Known by various titles in English, including The Book of the Battle of Tambuka and The Story of Heraclius, the story recounts numerous events of the Byzantine-Arab Wars and Byzantine-Ottoman Wars between the Muslims and Romans (the contemporary name for the Byzantines). The Byzantines were represented by the Emperor of the Byzantine Empire, Heraclius. The story covers a period from 628 (the Battle of Mu'tah) to 1453 (the Fall of Constantinople). "Tambuka" is the Swahili rendering of Tabuk, a city located in north-western Saudi Arabia.
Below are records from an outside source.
(* Tensor products are not constructed: S (x) M is known only through its universal
   property, and an equation in it is transported by mapping formal expressions
   into the quotient of the expressions by a suitable congruence.
   (iii) -> (iv): write M as a quotient of a finitely generated free module F, pull
   the M_l back to F, apply (#) there and use the right exactness of S (x) -.
   (iv) -> (#): in M / (meet of the M_l) the images of the M_l meet in 0, so the
   image of t vanishes there, and right exactness puts t in S (x) (meet of the M_l).
   (iv) -> flatness: let f : N -> M be injective and t = sum s_i (x) n_i with
   f t = 0; this already holds in S (x) M0 for a finitely generated M0 <= M.  In the
   finitely generated submodule X of M x N spanned by M0 x 0 and the (0, n_i), the
   graph of f and 0 x N meet in 0, and sum s_i (x) (f n_i, n_i) lies in the images
   of both, since (f n_i, n_i) = (f n_i, 0) + (0, n_i).  So it vanishes, and its
   projection to N is t. *)

From HB Require Import structures.
From mathcomp Require Import all_boot all_order all_algebra.
From mathcomp Require Import boolp.
Set Implicit Arguments. Unset Strict Implicit. Unset Printing Implicit Defensive.
Import GRing.Theory.
Local Open Scope ring_scope.

Section LinearFacts.
Variables (R : comPzRingType) (M N : lmodType R) (f : M -> N).
Hypothesis f_lin : linear f.

Lemma linearfB x y : f (x - y) = f x - f y.
Proof. exact: (zmod_morphism_linear f_lin). Qed.
Lemma linearf0 : f 0 = 0.
Proof. by rewrite -(subrr 0) linearfB subrr. Qed.
Lemma linearfD x y : f (x + y) = f x + f y.
Proof. exact: (GRing.semilinear_linear f_lin).2. Qed.
Lemma linearfZ a x : f (a *: x) = a *: f x.
Proof. exact: (GRing.scalable_linear f_lin). Qed.

Lemma linearf_sum n (c : 'I_n -> R) (g : 'I_n -> M) :
  f (\sum_(i < n) c i *: g i) = \sum_(i < n) c i *: f (g i).
Proof. by elim/big_rec2: _ => [|i y1 y2 _ <-]; [exact: linearf0|rewrite f_lin]. Qed.

End LinearFacts.

Record setoidMod (R : comPzRingType) := SetoidMod {
  sm_car : Type;
  sm_eqv : sm_car -> sm_car -> Prop;
  sm_add : sm_car -> sm_car -> sm_car;
  sm_zero : sm_car;
  sm_opp : sm_car -> sm_car;
  sm_scale : R -> sm_car -> sm_car;
  sm_refl : forall x, sm_eqv x x;
  sm_sym : forall x y, sm_eqv x y -> sm_eqv y x;
  sm_trans : forall x y z, sm_eqv x y -> sm_eqv y z -> sm_eqv x z;
  sm_addE : forall x x' y y', sm_eqv x x' -> sm_eqv y y' ->
    sm_eqv (sm_add x y) (sm_add x' y');
  sm_oppE : forall x x', sm_eqv x x' -> sm_eqv (sm_opp x) (sm_opp x');
  sm_scaleE : forall r x x', sm_eqv x x' -> sm_eqv (sm_scale r x) (sm_scale r x');
  sm_addA : forall x y z, sm_eqv (sm_add x (sm_add y z)) (sm_add (sm_add x y) z);
  sm_addC : forall x y, sm_eqv (sm_add x y) (sm_add y x);
  sm_add0 : forall x, sm_eqv (sm_add sm_zero x) x;
  sm_addN : forall x, sm_eqv (sm_add (sm_opp x) x) sm_zero;
  sm_scaleA : forall a b x, sm_eqv (sm_scale a (sm_scale b x)) (sm_scale (a * b) x);
  sm_scale1 : forall x, sm_eqv (sm_scale 1 x) x;
  sm_scaleDr : forall a x y,
    sm_eqv (sm_scale a (sm_add x y)) (sm_add (sm_scale a x) (sm_scale a y));
  sm_scaleDl : forall a b x,
    sm_eqv (sm_scale (a + b) x) (sm_add (sm_scale a x) (sm_scale b x))
}.

Section SetoidQuotient.
Variables (R : comPzRingType) (st : setoidMod R).
Local Notation E := (@sm_eqv R st).

Definition setoid_quot := {C : sm_car st -> Prop | exists x, C = E x}.
HB.instance Definition _ := gen_eqMixin setoid_quot.
HB.instance Definition _ := gen_choiceMixin setoid_quot.

Definition qclass (x : sm_car st) : setoid_quot := exist _ (E x) (ex_intro _ x erefl).
(* Let $a$ be a function of two variables, and let $f,\tilde f,g,\tilde g,h,\tilde h$ be functions of two variables. Let $q(n_1,n_2;x)$, $(n_1,n_2)\in\mathbb Z^2$, be a function such that for every $x$ it satisfies the 7-point equation $$f(q,q_{1,0})-\tilde f(q,q_{-1,0})+g(q,q_{0,1})-\tilde g(q,q_{0,-1})+h(q,q_{-1,-1})-\tilde h(q,q_{1,1})=0$$ at every site, and such that at every site $$q_{,x}=a\bigl(q,\,f(q,q_{1,0})-\tilde g(q,q_{0,-1})-\tilde h(q,q_{1,1})\bigr)$$ (by the 7-point equation, equivalently $q_{,x}=a\bigl(q,\,\tilde f(q,q_{-1,0})-g(q,q_{0,1})-h(q,q_{-1,-1})\bigr)$). Fix an integer $j$. (i) The functions $q(k)=q(j,k)$, $p(k)=q(j+1,k)$ of $k\in\mathbb Z$ satisfy $$q_{,x}=a\bigl(q,f(q,p)-\tilde g(q,q_{-1})-\tilde h(q,p_1)\bigr),\qquad p_{,x}=a\bigl(p,\tilde f(p,q)-g(p,p_1)-h(p,q_{-1})\bigr).$$ (ii) The functions $q(k)=q(-k,j-k)$, $p(k)=q(1-k,j-k)$ of $k\in\mathbb Z$ satisfy $$q_{,x}=a\bigl(q,f(q,p)-\tilde g(q,p_1)-\tilde h(q,q_{-1})\bigr),\qquad p_{,x}=a\bigl(p,\tilde f(p,q)-g(p,q_{-1})-h(p,p_1)\bigr).$$
   Context: Notation: $q_{i,j}=q(n_1+i,n_2+j)$ for the two-dimensional lattice function, and for one-index sequences $q_m=q(k+m)$, $p_m=p(k+m)$, with $q=q(k)$, $p=p(k)$. Subscript ${,x}$ denotes the derivative with respect to $x$. *)

From Stdlib Require Export Reals ZArith.
Open Scope R_scope.

Definition has_deriv (u : R -> R) (x v : R) : Prop := derivable_pt_lim u x v.

(** Along the lattice, the 7-point equation says exactly that the two expressions
    [f(q,q_{1,0}) - gt(q,q_{0,-1}) - ht(q,q_{1,1})] and
    [ft(q,q_{-1,0}) - g(q,q_{0,1}) - h(q,q_{-1,-1})] coincide, so every site evolves
    in x by either of two forms of the flow.  On the chain (i) the sites [q(j,k)] use the
    first form and the sites [q(j+1,k)] the second; on the diagonal chain (ii) the
    same holds for [q(-k,j-k)] and [q(1-k,j-k)].  In both cases the neighbours named
    by the flow are, after re-indexing, exactly those named by the chain equations. *)
From Stdlib Require Import Lra.
Open Scope R_scope.
Set Implicit Arguments.
Unset Strict Implicit.

Section SevenPointFlow.

Variables a f ft g gt h ht : R -> R -> R.
Variable q : Z -> Z -> R -> R.

Hypothesis seven_point : forall (n1 n2 : Z) (x : R),
     f (q n1 n2 x) (q (n1 + 1)%Z n2 x) - ft (q n1 n2 x) (q (n1 - 1)%Z n2 x)
   + g (q n1 n2 x) (q n1 (n2 + 1)%Z x) - gt (q n1 n2 x) (q n1 (n2 - 1)%Z x)
   + h (q n1 n2 x) (q (n1 - 1)%Z (n2 - 1)%Z x) - ht (q n1 n2 x) (q (n1 + 1)%Z (n2 + 1)%Z x) = 0.

Hypothesis deriv_q : forall (n1 n2 : Z) (x : R),
     has_deriv (q n1 n2) x
       (a (q n1 n2 x)
          (f (q n1 n2 x) (q (n1 + 1)%Z n2 x) - gt (q n1 n2 x) (q n1 (n2 - 1)%Z x)
           - ht (q n1 n2 x) (q (n1 + 1)%Z (n2 + 1)%Z x))).

Lemma deriv_q_backward (n1 n2 : Z) (x : R) :
  has_deriv (q n1 n2) x
    (a (q n1 n2 x)
       (ft (q n1 n2 x) (q (n1 - 1)%Z n2 x) - g (q n1 n2 x) (q n1 (n2 + 1)%Z x)
        - h (q n1 n2 x) (q (n1 - 1)%Z (n2 - 1)%Z x))).
Proof.
  assert (flows_agree :
    ft (q n1 n2 x) (q (n1 - 1)%Z n2 x) - g (q n1 n2 x) (q n1 (n2 + 1)%Z x)
      - h (q n1 n2 x) (q (n1 - 1)%Z (n2 - 1)%Z x)
    = f (q n1 n2 x) (q (n1 + 1)%Z n2 x) - gt (q n1 n2 x) (q n1 (n2 - 1)%Z x)
      - ht (q n1 n2 x) (q (n1 + 1)%Z (n2 + 1)%Z x)).
  { pose proof (seven_point n1 n2 x); lra. }
  rewrite flows_agree; apply deriv_q.
Qed.

(** The neighbour values are abstracted so that a chain may name a lattice site by
    any index expression equal to the canonical one. *)
Lemma deriv_q_forward_at (n1 n2 : Z) (x qr qd qru : R) :
  qr = q (n1 + 1)%Z n2 x -> qd = q n1 (n2 - 1)%Z x -> qru = q (n1 + 1)%Z (n2 + 1)%Z x ->
  has_deriv (q n1 n2) x
    (a (q n1 n2 x) (f (q n1 n2 x) qr - gt (q n1 n2 x) qd - ht (q n1 n2 x) qru)).
Proof. intros -> -> ->; apply deriv_q. Qed.

Lemma deriv_q_backward_at (n1 n2 : Z) (x ql qu qld : R) :
  ql = q (n1 - 1)%Z n2 x -> qu = q n1 (n2 + 1)%Z x -> qld = q (n1 - 1)%Z (n2 - 1)%Z x ->
  has_deriv (q n1 n2) x
    (a (q n1 n2 x) (ft (q n1 n2 x) ql - g (q n1 n2 x) qu - h (q n1 n2 x) qld)).
Proof. intros -> -> ->; apply deriv_q_backward. Qed.

End SevenPointFlow.

Theorem mainTheorem1
  (a f ft g gt h ht : R -> R -> R) (q : Z -> Z -> R -> R)
  (H7 : forall (n1 n2 : Z) (x : R),
     f (q n1 n2 x) (q (n1 + 1)%Z n2 x) - ft (q n1 n2 x) (q (n1 - 1)%Z n2 x)
   + g (q n1 n2 x) (q n1 (n2 + 1)%Z x) - gt (q n1 n2 x) (q n1 (n2 - 1)%Z x)
   + h (q n1 n2 x) (q (n1 - 1)%Z (n2 - 1)%Z x) - ht (q n1 n2 x) (q (n1 + 1)%Z (n2 + 1)%Z x) = 0)
  (Hx : forall (n1 n2 : Z) (x : R),
     has_deriv (fun y => q n1 n2 y) x
       (a (q n1 n2 x)
          (f (q n1 n2 x) (q (n1 + 1)%Z n2 x) - gt (q n1 n2 x) (q n1 (n2 - 1)%Z x)
           - ht (q n1 n2 x) (q (n1 + 1)%Z (n2 + 1)%Z x))))
  (j : Z) :
  (* (i): q(k) = q(j,k), p(k) = q(j+1,k) *)
  (let qq := fun (k : Z) (x : R) => q j k x in
   let pp := fun (k : Z) (x : R) => q (j + 1)%Z k x in
   forall (k : Z) (x : R),
     has_deriv (qq k) x
       (a (qq k x) (f (qq k x) (pp k x) - gt (qq k x) (qq (k - 1)%Z x)
                    - ht (qq k x) (pp (k + 1)%Z x)))
     /\ has_deriv (pp k) x
       (a (pp k x) (ft (pp k x) (qq k x) - g (pp k x) (pp (k + 1)%Z x)
                    - h (pp k x) (qq (k - 1)%Z x))))
  /\
  (* (ii): q(k) = q(-k, j-k), p(k) = q(1-k, j-k) *)
  (let qq := fun (k : Z) (x : R) => q (- k)%Z (j - k)%Z x in
   let pp := fun (k : Z) (x : R) => q (1 - k)%Z (j - k)%Z x in
   forall (k : Z) (x : R),
     has_deriv (qq k) x
       (a (qq k x) (f (qq k x) (pp k x) - gt (qq k x) (pp (k + 1)%Z x)
                    - ht (qq k x) (qq (k - 1)%Z x)))
     /\ has_deriv (pp k) x
       (a (pp k x) (ft (pp k x) (qq k x) - g (pp k x) (qq (k - 1)%Z x)
                    - h (pp k x) (pp (k + 1)%Z x)))).
Proof.
  split; intros qq pp k x; unfold qq, pp; split.
  - apply (deriv_q_forward_at Hx); f_equal; ring.
  - apply (deriv_q_backward_at H7 Hx); f_equal; ring.
  - apply (deriv_q_forward_at Hx); f_equal; ring.
  - apply (deriv_q_backward_at H7 Hx); f_equal; ring.
Qed.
The oldest manuscript of the epic is dated 1141 on the Islamic Calendar, corresponding to AD 1728. It was written at Yunga, a royal palace in the old city of Pate (the palace has since been destroyed). In strophe 1124–1125, the author notes that the "king of Yung"' (that is, the then Sultan of Pate) asked him to write an epic on the heroic deeds of the first followers of the Islamic prophet Muhammad. The author identifies himself in one of the final stanzas (1146) as Mwengo, son of Athumani or Osman. Not much more is known about him other than that he wrote at the court of the Sultan of Pate, that he was no longer a young man by 1728, and that some other poems are ascribed to him. He also had a son, Abu Bakr bin Mwengo, who wrote an imitation of his father's epic somewhere in the middle of the 18th century.

Like other manuscripts of the period in Swahili, the Utendi wa Tambuka is written in Arabic script. The language used is a northern dialect of Swahili called Kiamu; some manuscripts, however, show influence from Kigunya (another northern dialect), while others show traces of Kiunguja, the dialect of Zanzibar.